N.R.: To nie tylko panika rodziców, ale też opiekunów, nauczycieli – wszystkich tych, którzy oceniani i rozliczani są z ilości zapewnionych aktywności. Nawet jeśli w domu pozwalamy sobie na leżenie z budyniem na kanapie to niekoniecznie akceptujemy lenistwo w szkole, przedszkolu czy na zajęciach dodatkowych. Z nami też często nie jest najlepiej – nawet nie zadajemy sobie pytania czym ta nuda jest, do czego może być nam potrzebna, do czego nam służy na co dzień. Nasze najczęściej niechętne podejście do nudy projektujemy na nas, a potem na naszych najbliższych i nasze dzieci. Ty też masz taki negatywny obraz nudy, mówisz, że jest “niebytem”, a może wcale nie musi być nicnierobieniem?
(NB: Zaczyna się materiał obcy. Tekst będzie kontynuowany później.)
(* Let $L=K_1\cup\dots\cup K_n$ be an oriented, ordered link with a surface system $\Sigma$. Let $\{b_K\}$ and $\{b_K'\}$ be two collections of base points, one on each component $K$ of $L$ (away from the intersection points of $K$ with the other surfaces), and let $m,m'\in W$ be the associated elements. Then \[m'-m\in\operatorname{span}\{v_{s,r}\mid s\neq r\},\qquad v_{s,r}=\sum_{i=1}^n\operatorname{lk}(K_i,K_r)X^{[isr]}.\]
   Context: A surface system for $L$ is a collection of embedded compact oriented surfaces $\Sigma_i\subset S^3$ with $\partial\Sigma_i=K_i$, intersecting transversally and in at most triple points. Given base points, $\widetilde w_k$ is the word in letters $\{1,\dots,n\}\times\{\pm1\}$ obtained by reading, along $K_k$ in the positive direction from its base point, the letter $i^{\varepsilon}$ for each intersection point of $K_k$ with $\Sigma_i$ ($i\ne k$), $\varepsilon$ the intersection sign. For $w=s_1^{\varepsilon_1}\cdots s_m^{\varepsilon_m}$, $e_{rs}(w)=\sum_{p<q,\,s_p=r,\,s_q=s}\varepsilon_p\varepsilon_q$. For distinct $i,j,k$, $m_{ijk}=e_{ij}(\widetilde w_k)+e_{jk}(\widetilde w_i)+e_{ki}(\widetilde w_j)$. $W=\bigwedge^3\mathbb{Z}\langle X^1,\dots,X^n\rangle$, $X^{[ijk]}=X^i\wedge X^j\wedge X^k$, and $m=\sum_{i<j<k}m_{ijk}X^{[ijk]}$ (similarly $m'$). *)

From mathcomp Require Import all_boot all_order all_algebra.
Set Implicit Arguments. Unset Strict Implicit. Unset Printing Implicit Defensive.
Import GRing.Theory Num.Theory.
Local Open Scope ring_scope.

(* A letter i^eps : component index i and sign eps (true = +1, false = -1). *)
Definition letter (n : nat) := ('I_n * bool)%type.
Definition lsign (b : bool) : int := if b then 1 else -1.

Definition e_word n (r s : 'I_n) (w : seq (letter n)) : int :=
  let t := in_tuple w in
  \sum_(p < size w) \sum_(q < size w | (p < q)%N)
     (if ((tnth t p).1 == r) && ((tnth t q).1 == s)
      then lsign (tnth t p).2 * lsign (tnth t q).2 else 0).

Definition mu n (w : 'I_n -> seq (letter n)) (i j k : 'I_n) : int :=
  e_word i j (w k) + e_word j k (w i) + e_word k i (w j).

(* W = /\^3 Z<X^1..X^n>, represented by its coordinates on the basis
   X^[abc], a<b<c; coordinates at non-increasing triples are 0. *)
Definition triple n := ('I_n * 'I_n * 'I_n)%type.
Notation W n := {ffun triple n -> int}.
Definition incr n (t : triple n) : bool :=
  ((t.1.1 < t.1.2)%N && (t.1.2 < t.2)%N).

(* X^i /\ X^j /\ X^k for arbitrary i j k : coordinate on X^[abc] is the
   3x3 minor det [delta_{x,y}]_{x in (i,j,k), y in (a,b,c)}. *)
Definition wedge3 n (i j k : 'I_n) : W n :=
  [ffun t : triple n =>
     if incr t then
       let x := [:: i; j; k] in
       let y := [:: t.1.1; t.1.2; t.2] in
       \det (\matrix_(p < 3, q < 3)
               ((nth i x p == nth i y q)%:R : int))
     else 0].

Definition melt n (w : 'I_n -> seq (letter n)) : W n :=
  [ffun t : triple n => if incr t then mu w t.1.1 t.1.2 t.2 else 0].

Definition vsr n (lk : 'I_n -> 'I_n -> int) (s r : 'I_n) : W n :=
  \sum_(i < n) wedge3 i s r *~ lk i r.

Definition scount n (i : 'I_n) (w : seq (letter n)) : int :=
  \sum_(x <- w | x.1 == i) lsign x.2.

From mathcomp Require Import all_boot all_order all_algebra ring.
Import GRing.Theory Num.Theory.
Local Open Scope ring_scope.
Set Implicit Arguments. Unset Strict Implicit. Unset Printing Implicit Defensive.

(* Moving the base point of K_r turns its word u ++ v into v ++ u, and this
   changes e_{is}(w_r) by scount_i(w_r) scount_s(u) - scount_i(u) scount_s(w_r),
   i.e. by lk(i,r) P_s(r) - P_i(r) lk(s,r) with P_s(r) := scount_s(u).
   Summing the three cyclic terms of m_{abc} gives the antisymmetrization of
   H(i,s,r) := lk(i,r) P_s(r) at (a,b,c), so
   m' - m = sum_{i,s,r} H(i,s,r) X^i /\ X^s /\ X^r = sum_{s<>r} P_s(r) v_{s,r},
   the terms with s = r vanishing since X^s /\ X^s = 0. *)

Section Words.
Variable n : nat.
Implicit Types (r s : 'I_n) (x : letter n) (u v w : seq (letter n)).

Lemma scount_cons s x u :
  scount s (x :: u) = (if x.1 == s then lsign x.2 else 0) + scount s u.
Proof. by rewrite /scount big_cons; case: ifP; rewrite ?add0r. Qed.

Lemma scount_cat s u v : scount s (u ++ v) = scount s u + scount s v.
Proof. by rewrite /scount big_cat. Qed.

Lemma e_word_nth r s w x0 : e_word r s w =
  \sum_(p < size w) \sum_(q < size w | (p < q)%N)
    (if ((nth x0 w p).1 == r) && ((nth x0 w q).1 == s)
     then lsign (nth x0 w p).2 * lsign (nth x0 w q).2 else 0).
Proof. by apply: eq_bigr => p _; apply: eq_bigr => q _; rewrite !(tnth_nth x0). Qed.

Lemma e_word_nil r s : e_word r s [::] = 0.
Proof. by rewrite /e_word big_ord0. Qed.

Lemma e_word_cons r s x u : e_word r s (x :: u) =
  (if x.1 == r then lsign x.2 * scount s u else 0) + e_word r s u.
Proof.
rewrite !(e_word_nth _ _ _ x) /= big_ord_recl; congr (_ + _).
  rewrite big_mkcond big_ord_recl /= add0r /scount (big_nth x) big_mkord big_mkcond.
  case: ifP => [xr | _]; last by rewrite big1.
  rewrite mulr_sumr [RHS]big_mkcond; apply: eq_bigr => q _ /=.
  by case: ifP; rewrite ?mulr0.
apply: eq_bigr => p _; rewrite big_mkcond big_ord_recl [RHS]big_mkcond /= add0r.
by apply: eq_bigr => q _; rewrite /bump /= !add1n ltnS.
Qed.

Lemma e_word_cat r s u v : e_word r s (u ++ v) =
  e_word r s u + e_word r s v + scount r u * scount s v.
Proof.
elim: u => [|x u IH] /=; first by rewrite e_word_nil /scount big_nil mul0r add0r addr0.
by rewrite !e_word_cons IH scount_cat scount_cons; case: ifP => _; ring.
Qed.

Lemma e_word_rot r s t w : e_word r s (rot t w) = e_word r s w
  + scount r w * scount s (take t w) - scount r (take t w) * scount s w.
Proof.
rewrite /rot; move: (cat_take_drop t w); set u := take t w; set v := drop t w.
by move=> <-; rewrite !e_word_cat !scount_cat; ring.
Qed.

End Words.

Section Antisymmetrization.
Variables (T : Type) (V : zmodType).

Definition antisym3 (F : T -> T -> T -> V) x y z : V :=
  F x y z - F x z y - F y x z + F y z x + F z x y - F z y x.

Lemma antisym3_sum (I : finType) (F : I -> T -> T -> T -> V) x y z :
  \sum_i antisym3 (F i) x y z = antisym3 (fun a b c => \sum_i F i a b c) x y z.
Proof. by rewrite !(sumrB, big_split). Qed.

Lemma antisym3_sym23 (F : T -> T -> T -> V) x y z :
  (forall a b c, F a b c = F a c b) -> antisym3 F x y z = 0.
Proof.
move=> FC; rewrite /antisym3 (FC x z) (FC y z) (FC z y) subrr sub0r addNr add0r.
exact: subrr.
Qed.

End Antisymmetrization.

Lemma antisym3_mulr T (R : comNzRingType) (F : T -> T -> T -> R) h x y z :
  antisym3 F x y z * h = antisym3 (fun a b c => F a b c * h) x y z.
Proof. by rewrite /antisym3 !(mulrBl, mulrDl). Qed.

Lemma det_mx33 (R : comNzRingType) (f : nat -> nat -> R) :
  \det (\matrix_(p < 3, q < 3) f p q) =
  f 0 0 * f 1 1 * f 2 2 - f 0 0 * f 1 2 * f 2 1 - f 0 1 * f 1 0 * f 2 2
  + f 0 1 * f 1 2 * f 2 0 + f 0 2 * f 1 0 * f 2 1 - f 0 2 * f 1 1 * f 2 0.
Proof.
do 3!rewrite !(expand_det_row _ ord0) !big_ord_recl !big_ord0 /cofactor.
by rewrite !det_mx00 !mxE /= !expr0 !expr1 !exprS !expr0 /bump /=; ring.
Qed.

Section Wedge.
Variable n : nat.
Implicit Types (i j k x y z : 'I_n) (t : triple n).

Definition delta3 i j k x y z : int := (i == x)%:R * (j == y)%:R * (k == z)%:R.

Lemma sum_delta x (F : 'I_n -> int) : \sum_i (i == x)%:R * F i = F x.
Proof.
under eq_bigr => i _ do rewrite mulr_natl mulrb.
by rewrite -big_mkcond big_pred1_eq.
Qed.

Lemma sum_delta3 (H : 'I_n -> 'I_n -> 'I_n -> int) x y z :
  \sum_i \sum_j \sum_k delta3 i j k x y z * H i j k = H x y z.
Proof.
rewrite -(sum_delta x (fun i => H i y z)); apply: eq_bigr => i _.
rewrite -(sum_delta y (fun j => H i j z)) mulr_sumr; apply: eq_bigr => j _.
rewrite -(sum_delta z (H i j)) !mulr_sumr; apply: eq_bigr => k _.
by rewrite /delta3 !mulrA.
Qed.

Lemma wedge3E i j k t : incr t ->
  wedge3 i j k t = antisym3 (delta3 i j k) t.1.1 t.1.2 t.2.
Proof.
move=> tI; rewrite ffunE tI.
exact: (det_mx33 (fun p q =>
  (nth i [:: i; j; k] p == nth i [:: t.1.1; t.1.2; t.2] q)%:R)).
Qed.

Lemma wedge3_diag i j : wedge3 i j j = 0.
Proof.
apply/ffunP => t; rewrite [RHS]ffunE; have [tI | tN] := boolP (incr t).
  rewrite wedge3E // antisym3_sym23 // => a b c.
  by rewrite /delta3 mulrAC.
by rewrite ffunE (negbTE tN).
Qed.

Definition wedge_sum (H : 'I_n -> 'I_n -> 'I_n -> int) : W n :=
  \sum_i \sum_j \sum_k wedge3 i j k *~ H i j k.

Lemma wedge_sum_coord H t :
  wedge_sum H t = \sum_i \sum_j \sum_k wedge3 i j k t * H i j k.
Proof.
rewrite sum_ffunE; apply: eq_bigr => i _; rewrite sum_ffunE; apply: eq_bigr => j _.
by rewrite sum_ffunE; apply: eq_bigr => k _; rewrite ffunMzE mulrzz.
Qed.

Lemma wedge_sumE H t :
  wedge_sum H t = if incr t then antisym3 H t.1.1 t.1.2 t.2 else 0.
Proof.
rewrite wedge_sum_coord; case: ifP => tI; last first.
  rewrite big1 // => i _; rewrite big1 // => j _; rewrite big1 // => k _.
  by rewrite ffunE tI mul0r.
under eq_bigr => i _ do under eq_bigr => j _ do under eq_bigr => k _ do
  rewrite wedge3E // antisym3_mulr.
under eq_bigr => i _ do (under eq_bigr => j _ do rewrite antisym3_sum; rewrite antisym3_sum).
by rewrite antisym3_sum /antisym3 !sum_delta3.
Qed.

Lemma sum_vsr (lk c : 'I_n -> 'I_n -> int) :
  \sum_s \sum_(r | s != r) vsr lk s r *~ c s r =
  wedge_sum (fun i s r => lk i r * c s r).
Proof.
rewrite /wedge_sum [RHS]exchange_big; apply: eq_bigr => s _.
rewrite [RHS]exchange_big big_mkcond; apply: eq_bigr => r _ /=.
case: eqP => [<- | _]; first by rewrite big1 // => i _; rewrite wedge3_diag mul0rz.
by rewrite /vsr mulrz_suml; apply: eq_bigr => i _; rewrite mulrzA.
Qed.

End Wedge.

Section Rotation.
Variables (n : nat) (w w' : 'I_n -> seq (letter n)) (lk : 'I_n -> 'I_n -> int).
Variable t : 'I_n -> nat.
Hypothesis w'E : forall k, w' k = rot (t k) (w k).
Hypothesis lkE : forall i r, i != r -> lk i r = scount i (w r).

Let P s r := scount s (take (t r) (w r)).

Lemma mu_rot (a b c : 'I_n) : (a < b < c)%N ->
  mu w' a b c - mu w a b c = antisym3 (fun i s r => lk i r * P s r) a b c.
Proof.
case/andP=> ab bc; have ac := ltn_trans ab bc.
have neq x y : (x < y)%N -> x != y /\ y != x.
  by move=> xy; split; apply/eqP => xyE; rewrite xyE ltnn in xy.
have [ab1 ab2] := neq _ _ ab; have [bc1 bc2] := neq _ _ bc; have [ac1 ac2] := neq _ _ ac.
rewrite /mu /P !w'E !e_word_rot.
rewrite -(lkE ab1) -(lkE ab2) -(lkE bc1) -(lkE bc2) -(lkE ac1) -(lkE ac2) /antisym3.
ring.
Qed.

Lemma melt_rot :
  melt w' - melt w = wedge_sum (fun i s r => lk i r * P s r).
Proof.
apply/ffunP => -[[a b] c]; rewrite wedge_sumE !ffunE.
by case: ifP => [/mu_rot | _]; rewrite ?subrr.
Qed.

End Rotation.

Theorem lemma5p6 (n : nat)
  (w w' : 'I_n -> seq (letter n))   (* words from base points b_K, b'_K *)
  (lk : 'I_n -> 'I_n -> int)        (* linking numbers lk(K_i, K_r) *)
  (Hnoself : forall k x, x \in w k -> x.1 != k)
  (Hlk : forall i r, i != r -> lk i r = scount i (w r))
  (Hlksym : forall i r, i != r -> lk i r = lk r i)
  (Hrot : forall k, exists t, w' k = rot t (w k)) :
  exists c : 'I_n -> 'I_n -> int,
    melt w' - melt w = \sum_(s < n) \sum_(r < n | s != r) vsr lk s r *~ c s r.
Proof.
have [t w'E] := fin_all_exists Hrot.
exists (fun s r => scount s (take (t r) (w r))).
by rewrite sum_vsr (melt_rot w'E Hlk).
Qed.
RwM: No właśnie, czy nie boicie się, że dorośli będą obawiali się korzystać z tego miejsca i czy dzieci mają być dla nich takim rodzajem „bezpiecznika”, przewodnika po tej przestrzeni?
M.K.: Z naszego doświadczenia wynika, że dzieci nie raz są dla swoich rodziców przewodnikami. Wspaniale jeśli rodzic pozwoli się poprowadzić, zgodzi się na zawieszenie swojego autorytetu, pokaże, że nie wie lub chętnie pozna obszar, w którym dziecko czuje się swobodnie, choćby tylko ze względu na to, że dzieci po prostu takie są. Zobaczymy czy dzieci będą dobrymi przewodnikami po nudzie. Liczymy jednak bardzo na rodziców w tym projekcie! Nie zachęcajcie dzieci do zabawy, nie rzucajcie się z nimi poduszkami, nie stymulujcie do działania – zaproście do leżenia na hamaku, patrzenia przez okno, nie mówienia niczego przez dłuższą chwilę lub leżenia bez ruchu.
N.R.: Nawet jeśli dzieci szybko poczują się w przestrzeni do nudzenia się swobodnie, rodzice nie zostawiajcie ich samych! 🙂 Koniecznie wspólnie poznawajcie kolejne “stanowiska” do nudzenia się. Każde z nich to inna propozycja, inna możliwość do zrozumienia zjawiska nudy, ale jej definicje każdy musi zbudować sam, my dajemy tylko małe podpowiedzi – drobne tropy w tym dużym temacie.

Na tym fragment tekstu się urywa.